*ASSIGNMENT*. When you reach the line in the listing below that contains "Definition exp_partial (n", begin returning lines exactly as written, and stop after the line that contains "Proof. destruct z, w;". Return no other lines.

START DATA

(* Let $A\in\mathfrak{H}_n$, $B\in\mathfrak{M}_n$, $N\in\mathbb{N}$. Then \[ \sum_{(k_1,\dots,k_N)\in\{1,\dots,l\}^N}\|M_{k_1,\dots,k_N}\|\le n\,e^{n\|B\|}. \]
   Context: Let $\lambda_1,\dots,\lambda_l$ be the distinct eigenvalues of the Hermitian matrix $A$ and $E_{\lambda_1},\dots,E_{\lambda_l}$ the corresponding orthogonal spectral projectors ($AE_{\lambda_j}=\lambda_jE_{\lambda_j}$, $\sum_j E_{\lambda_j}=I_n$). For $(k_1,\dots,k_N)\in\{1,\dots,l\}^N$, $M_{k_1,\dots,k_N}=E_{\lambda_{k_1}}e^{B/N}E_{\lambda_{k_2}}e^{B/N}\cdots E_{\lambda_{k_N}}e^{B/N}$. $\|\cdot\|$ is the operator norm. *)

From Stdlib Require Import Arith Reals List Lra ClassicalEpsilon.
Import ListNotations.
Open Scope R_scope.

Definition C : Type := (R * R)%type.
Definition C0 : C := (0, 0).
Definition C1 : C := (1, 0).
Definition RtoC (r : R) : C := (r, 0).
Definition Cadd (z w : C) : C := (fst z + fst w, snd z + snd w).
Definition Cmul (z w : C) : C :=
  (fst z * fst w - snd z * snd w, fst z * snd w + snd z * fst w).
Definition Cconj (z : C) : C := (fst z, - snd z).
Definition Cnorm2 (z : C) : R := fst z * fst z + snd z * snd z.

Definition Csum (m : nat) (f : nat -> C) : C :=
  fold_right (fun k acc => Cadd (f k) acc) C0 (seq 0 m).
Definition Rsum (m : nat) (f : nat -> R) : R :=
  fold_right (fun k acc => f k + acc) 0 (seq 0 m).

(* ---------- vectors in C^n and n x n matrices (only indices < n matter) ---------- *)
Definition Vec : Type := nat -> C.
Definition Mat : Type := nat -> nat -> C.

Definition Meq (n : nat) (A B : Mat) : Prop :=
  forall i j, (i < n)%nat -> (j < n)%nat -> A i j = B i j.

Definition Mid : Mat := fun i j => if Nat.eqb i j then C1 else C0.
Definition Mmul (n : nat) (A B : Mat) : Mat :=
  fun i j => Csum n (fun k => Cmul (A i k) (B k j)).
Definition Mscale (c : C) (A : Mat) : Mat := fun i j => Cmul c (A i j).
Definition Madd (A B : Mat) : Mat := fun i j => Cadd (A i j) (B i j).
Definition Msum (m : nat) (F : nat -> Mat) : Mat :=
  fun i j => Csum m (fun k => F k i j).
Definition Madj (A : Mat) : Mat := fun i j => Cconj (A j i).
Fixpoint Mpow (n : nat) (A : Mat) (k : nat) : Mat :=
  match k with
  | O => Mid
  | S k' => Mmul n A (Mpow n A k')
  end.

Definition hermitian (n : nat) (A : Mat) : Prop := Meq n (Madj A) A.

Definition exp_partial (n : nat) (B : Mat) (m : nat) : Mat :=
  Msum (S m) (fun k => Mscale (RtoC (/ INR (Factorial.fact k))) (Mpow n B k)).

Definition Rlim (u : nat -> R) : R := epsilon (inhabits 0) (fun l => Un_cv u l).

Definition mexp (n : nat) (B : Mat) : Mat :=
  fun i j => (Rlim (fun m => fst (exp_partial n B m i j)),
              Rlim (fun m => snd (exp_partial n B m i j))).

Definition vnorm (n : nat) (x : Vec) : R := sqrt (Rsum n (fun i => Cnorm2 (x i))).
Definition Mapply (n : nat) (A : Mat) (x : Vec) : Vec :=
  fun i => Csum n (fun k => Cmul (A i k) (x k)).

Definition opnorm (n : nat) (A : Mat) : R :=
  epsilon (inhabits 0)
    (is_lub (fun r => exists x : Vec, vnorm n x <= 1 /\ r = vnorm n (Mapply n A x))).

(* ---------- multi-indices (k_1,...,k_N) in {0,...,l-1}^N and M_{k_1..k_N} ---------- *)
Fixpoint all_tuples (l N : nat) : list (list nat) :=
  match N with
  | O => nil :: nil
  | S N' => flat_map (fun k => map (cons k) (all_tuples l N')) (seq 0 l)
  end.

(* M_{k_1,...,k_N} = E_{k_1} X E_{k_2} X ... E_{k_N} X   with X = e^{B/N} *)
Definition Mword (n : nat) (E : nat -> Mat) (X : Mat) (ks : list nat) : Mat :=
  fold_right (fun k P => Mmul n (Mmul n (E k) X) P) Mid ks.

Definition sum_norms (n l : nat) (E : nat -> Mat) (X : Mat) (N : nat) : R :=
  fold_right (fun ks acc => opnorm n (Mword n E X ks) + acc) 0 (all_tuples l N).

(* Write X = e^(B/N) and b = |B/N|.  Since E_b is idempotent, M_(a,b,...) = (E_a X E_b) M_(b,...),
   and E_a X E_b = delta_ab E_a + E_a (X - 1) E_b has norm at most delta_ab + (e^b - 1).
   Summing over the words then becomes iterating a transfer matrix with row sums
   1 + l (e^b - 1) <= e^(l b), which gives the bound l e^b e^(l b (N - 1)) <= l e^(l |B|).
   Finally l <= n, since the traces of the nonzero projections E_j are >= 1 and add up to n. *)

From Stdlib Require Import Arith Reals List Lra Lia ClassicalEpsilon Ring FunctionalExtensionality.
Import ListNotations.
Open Scope R_scope.

Lemma C_ext (z w : C) : fst z = fst w -> snd z = snd w -> z = w.
Proof. destruct z, w; simpl; intros; subst; reflexivity. Qed.

Definition Copp (z : C) : C := (- fst z, - snd z).
Definition Csub (z w : C) : C := Cadd z (Copp w).

Lemma C_ring_theory : ring_theory C0 C1 Cadd Cmul Csub Copp (@eq C).
Proof.
  constructor; intros; apply C_ext; destruct x; try destruct y; try destruct z;
    unfold Cadd, Cmul, Csub, Copp, C0, C1; simpl; ring.
Qed.
Add Ring C_ring : C_ring_theory.

Lemma Cconj_mul a b : Cconj (Cmul a b) = Cmul (Cconj a) (Cconj b).
Proof. apply C_ext; simpl; ring. Qed.

Definition cabs (z : C) : R := sqrt (Cnorm2 z).

Lemma Cnorm2_nonneg z : 0 <= Cnorm2 z.
Proof. unfold Cnorm2. apply Rplus_le_le_0_compat; apply Rle_0_sqr. Qed.

Lemma Cnorm2_pos z : z <> C0 -> 0 < Cnorm2 z.
Proof.
  destruct z as [a b]; intros Hz; unfold Cnorm2; simpl.
  destruct (Req_dec a 0), (Req_dec b 0); subst; try (exfalso; apply Hz; reflexivity);
    [assert (0 < b * b) | assert (0 < a * a) ..]; try (apply Rsqr_pos_lt; assumption); nra.
Qed.

Lemma cabs_RtoC r : cabs (RtoC r) = Rabs r.
Proof. unfold cabs, Cnorm2, RtoC; simpl. rewrite Rmult_0_r, Rplus_0_r. apply sqrt_Rsqr_abs. Qed.

Lemma cabs_inv_fact j : cabs (RtoC (/ INR (fact j))) = / INR (fact j).
Proof. rewrite cabs_RtoC. apply Rabs_pos_eq. left; apply Rinv_0_lt_compat, INR_fact_lt_0. Qed.

Lemma Rabs_fst_le_cabs z : Rabs (fst z) <= cabs z.
Proof.
  unfold cabs, Cnorm2. rewrite <- sqrt_Rsqr_abs. apply sqrt_le_1_alt.
  unfold Rsqr. assert (0 <= snd z * snd z) by apply Rle_0_sqr. lra.
Qed.

Lemma Rabs_snd_le_cabs z : Rabs (snd z) <= cabs z.
Proof.
  unfold cabs, Cnorm2. rewrite <- sqrt_Rsqr_abs. apply sqrt_le_1_alt.
  unfold Rsqr. assert (0 <= fst z * fst z) by apply Rle_0_sqr. lra.
Qed.

(** * Finite sums *)

Lemma Rsum_S m f : Rsum (S m) f = Rsum m f + f m.
Proof.
  unfold Rsum. rewrite seq_S, fold_right_app. simpl.
  generalize (f m); intro r. induction (seq 0 m) as [|a s IH]; simpl; [ring|].
  rewrite IH. ring.
Qed.

Lemma Csum_S m f : Csum (S m) f = Cadd (Csum m f) (f m).
Proof.
  unfold Csum. rewrite seq_S, fold_right_app. simpl.
  generalize (f m); intro r. induction (seq 0 m) as [|a s IH]; simpl; [ring|].
  rewrite IH. ring.
Qed.

Lemma Rsum_shift m f : Rsum (S m) f = f 0%nat + Rsum m (fun k => f (S k)).
Proof. induction m; [unfold Rsum; simpl; ring|]. rewrite Rsum_S, IHm, Rsum_S. ring. Qed.

Lemma Csum_shift m f : Csum (S m) f = Cadd (f 0%nat) (Csum m (fun k => f (S k))).
Proof. induction m; [unfold Csum; simpl; ring|]. rewrite Csum_S, IHm, Csum_S. ring. Qed.

Lemma Rsum_ext m f g : (forall k, (k < m)%nat -> f k = g k) -> Rsum m f = Rsum m g.
Proof. induction m; intros H; auto. rewrite !Rsum_S, IHm, H; auto. Qed.

Lemma Csum_ext m f g : (forall k, (k < m)%nat -> f k = g k) -> Csum m f = Csum m g.
Proof. induction m; intros H; auto. rewrite !Csum_S, IHm, H; auto. Qed.

Lemma Rsum_le m f g : (forall k, (k < m)%nat -> f k <= g k) -> Rsum m f <= Rsum m g.
Proof.
  induction m; intros H; [unfold Rsum; simpl; lra|]. rewrite !Rsum_S.
  apply Rplus_le_compat; [apply IHm; auto | apply H; lia].
Qed.


Lemma Rsum_plus m f g : Rsum m (fun k => f k + g k) = Rsum m f + Rsum m g.
Proof. induction m; [unfold Rsum; simpl; ring|]. rewrite !Rsum_S, IHm. ring. Qed.

Lemma Rsum_scal m c f : Rsum m (fun k => c * f k) = c * Rsum m f.
Proof. induction m; [unfold Rsum; simpl; ring|]. rewrite !Rsum_S, IHm. ring. Qed.

Lemma Rsum_const m c : Rsum m (fun _ => c) = INR m * c.
Proof. induction m; [unfold Rsum; simpl; ring|]. rewrite Rsum_S, IHm, S_INR. ring. Qed.

Lemma Rsum_nonneg m f : (forall k, (k < m)%nat -> 0 <= f k) -> 0 <= Rsum m f.
Proof.
  intros H. apply Rle_trans with (Rsum m (fun _ => 0)).
  - rewrite Rsum_const. lra.
  - apply Rsum_le; assumption.
Qed.

Lemma Rsum_swap m p f :
  Rsum m (fun a => Rsum p (fun b => f a b)) = Rsum p (fun b => Rsum m (fun a => f a b)).
Proof.
  induction m.
  - rewrite (Rsum_ext p _ (fun _ => 0)), Rsum_const; [unfold Rsum; simpl; ring | reflexivity].
  - rewrite Rsum_S, IHm, <- Rsum_plus. apply Rsum_ext; intros. rewrite Rsum_S. reflexivity.
Qed.

Lemma Rsum_single_le m f k :
  (forall j, (j < m)%nat -> 0 <= f j) -> (k < m)%nat -> f k <= Rsum m f.
Proof.
  induction m; intros H Hk; [lia|]. rewrite Rsum_S.
  assert (0 <= Rsum m f) by (apply Rsum_nonneg; auto).
  destruct (Nat.eq_dec k m) as [->|]; [lra|].
  assert (f k <= Rsum m f) by (apply IHm; auto; lia).
  assert (0 <= f m) by auto. lra.
Qed.

Lemma Rsum_two_le m f a b : (forall j, (j < m)%nat -> 0 <= f j) ->
  (a < m)%nat -> (b < m)%nat -> a <> b -> f a + f b <= Rsum m f.
Proof.
  induction m; intros H Ha Hb Hab; [lia|]. rewrite Rsum_S.
  destruct (Nat.eq_dec a m) as [->|]; [assert (f b <= Rsum m f) by (apply Rsum_single_le; auto; lia); lra|].
  destruct (Nat.eq_dec b m) as [->|]; [assert (f a <= Rsum m f) by (apply Rsum_single_le; auto; lia); lra|].
  assert (f a + f b <= Rsum m f) by (apply IHm; auto; lia).
  assert (0 <= f m) by auto. lra.
Qed.

Lemma Rsum_delta m i f :
  (i < m)%nat -> Rsum m (fun k => if Nat.eqb i k then f k else 0) = f i.
Proof.
  induction m; intros H; [lia|]. rewrite Rsum_S. destruct (Nat.eq_dec i m) as [->|].
  - rewrite Nat.eqb_refl, (Rsum_ext _ _ (fun _ => 0)), Rsum_const; [ring|].
    intros k Hk. destruct (Nat.eqb_spec m k); [lia | reflexivity].
  - rewrite IHm by lia. destruct (Nat.eqb_spec i m); [lia | ring].
Qed.

Lemma Rsum_sum_f_R0 m f : Rsum (S m) f = sum_f_R0 f m.
Proof. induction m; [unfold Rsum; simpl; ring|]. rewrite Rsum_S, IHm. reflexivity. Qed.

Lemma Csum_fst m f : fst (Csum m f) = Rsum m (fun k => fst (f k)).
Proof. induction m; [reflexivity|]. rewrite Csum_S, Rsum_S. simpl. rewrite IHm. reflexivity. Qed.

Lemma Csum_snd m f : snd (Csum m f) = Rsum m (fun k => snd (f k)).
Proof. induction m; [reflexivity|]. rewrite Csum_S, Rsum_S. simpl. rewrite IHm. reflexivity. Qed.

Lemma Csum_mul_l m z f : Csum m (fun k => Cmul z (f k)) = Cmul z (Csum m f).
Proof. induction m; [apply C_ext; simpl; ring|]. rewrite !Csum_S, IHm. ring. Qed.

Lemma Csum_mul_r m z f : Csum m (fun k => Cmul (f k) z) = Cmul (Csum m f) z.
Proof. induction m; [apply C_ext; simpl; ring|]. rewrite !Csum_S, IHm. ring. Qed.

Lemma Csum_conj m f : Cconj (Csum m f) = Csum m (fun k => Cconj (f k)).
Proof. induction m; [apply C_ext; simpl; ring|]. rewrite !Csum_S, <- IHm. apply C_ext; simpl; ring. Qed.

Lemma Csum_swap m p f :
  Csum m (fun a => Csum p (fun b => f a b)) = Csum p (fun b => Csum m (fun a => f a b)).
Proof.
  apply C_ext; rewrite ?Csum_fst, ?Csum_snd.
  - erewrite Rsum_ext by (intros; apply Csum_fst). rewrite Rsum_swap.
    apply Rsum_ext; intros; rewrite Csum_fst; reflexivity.
  - erewrite Rsum_ext by (intros; apply Csum_snd). rewrite Rsum_swap.
    apply Rsum_ext; intros; rewrite Csum_snd; reflexivity.
Qed.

END DATA

*WRITTEN ANSWER*.
Definition exp_partial (n : nat) (B : Mat) (m : nat) : Mat :=
  Msum (S m) (fun k => Mscale (RtoC (/ INR (Factorial.fact k))) (Mpow n B k)).

Definition Rlim (u : nat -> R) : R := epsilon (inhabits 0) (fun l => Un_cv u l).

Definition mexp (n : nat) (B : Mat) : Mat :=
  fun i j => (Rlim (fun m => fst (exp_partial n B m i j)),
              Rlim (fun m => snd (exp_partial n B m i j))).

Definition vnorm (n : nat) (x : Vec) : R := sqrt (Rsum n (fun i => Cnorm2 (x i))).
Definition Mapply (n : nat) (A : Mat) (x : Vec) : Vec :=
  fun i => Csum n (fun k => Cmul (A i k) (x k)).

Definition opnorm (n : nat) (A : Mat) : R :=
  epsilon (inhabits 0)
    (is_lub (fun r => exists x : Vec, vnorm n x <= 1 /\ r = vnorm n (Mapply n A x))).

(* ---------- multi-indices (k_1,...,k_N) in {0,...,l-1}^N and M_{k_1..k_N} ---------- *)
Fixpoint all_tuples (l N : nat) : list (list nat) :=
  match N with
  | O => nil :: nil
  | S N' => flat_map (fun k => map (cons k) (all_tuples l N')) (seq 0 l)
  end.

(* M_{k_1,...,k_N} = E_{k_1} X E_{k_2} X ... E_{k_N} X   with X = e^{B/N} *)
Definition Mword (n : nat) (E : nat -> Mat) (X : Mat) (ks : list nat) : Mat :=
  fold_right (fun k P => Mmul n (Mmul n (E k) X) P) Mid ks.

Definition sum_norms (n l : nat) (E : nat -> Mat) (X : Mat) (N : nat) : R :=
  fold_right (fun ks acc => opnorm n (Mword n E X ks) + acc) 0 (all_tuples l N).

(* Write X = e^(B/N) and b = |B/N|.  Since E_b is idempotent, M_(a,b,...) = (E_a X E_b) M_(b,...),
   and E_a X E_b = delta_ab E_a + E_a (X - 1) E_b has norm at most delta_ab + (e^b - 1).
   Summing over the words then becomes iterating a transfer matrix with row sums
   1 + l (e^b - 1) <= e^(l b), which gives the bound l e^b e^(l b (N - 1)) <= l e^(l |B|).
   Finally l <= n, since the traces of the nonzero projections E_j are >= 1 and add up to n. *)

From Stdlib Require Import Arith Reals List Lra Lia ClassicalEpsilon Ring FunctionalExtensionality.
Import ListNotations.
Open Scope R_scope.

Lemma C_ext (z w : C) : fst z = fst w -> snd z = snd w -> z = w.
Proof. destruct z, w; simpl; intros; subst; reflexivity. Qed.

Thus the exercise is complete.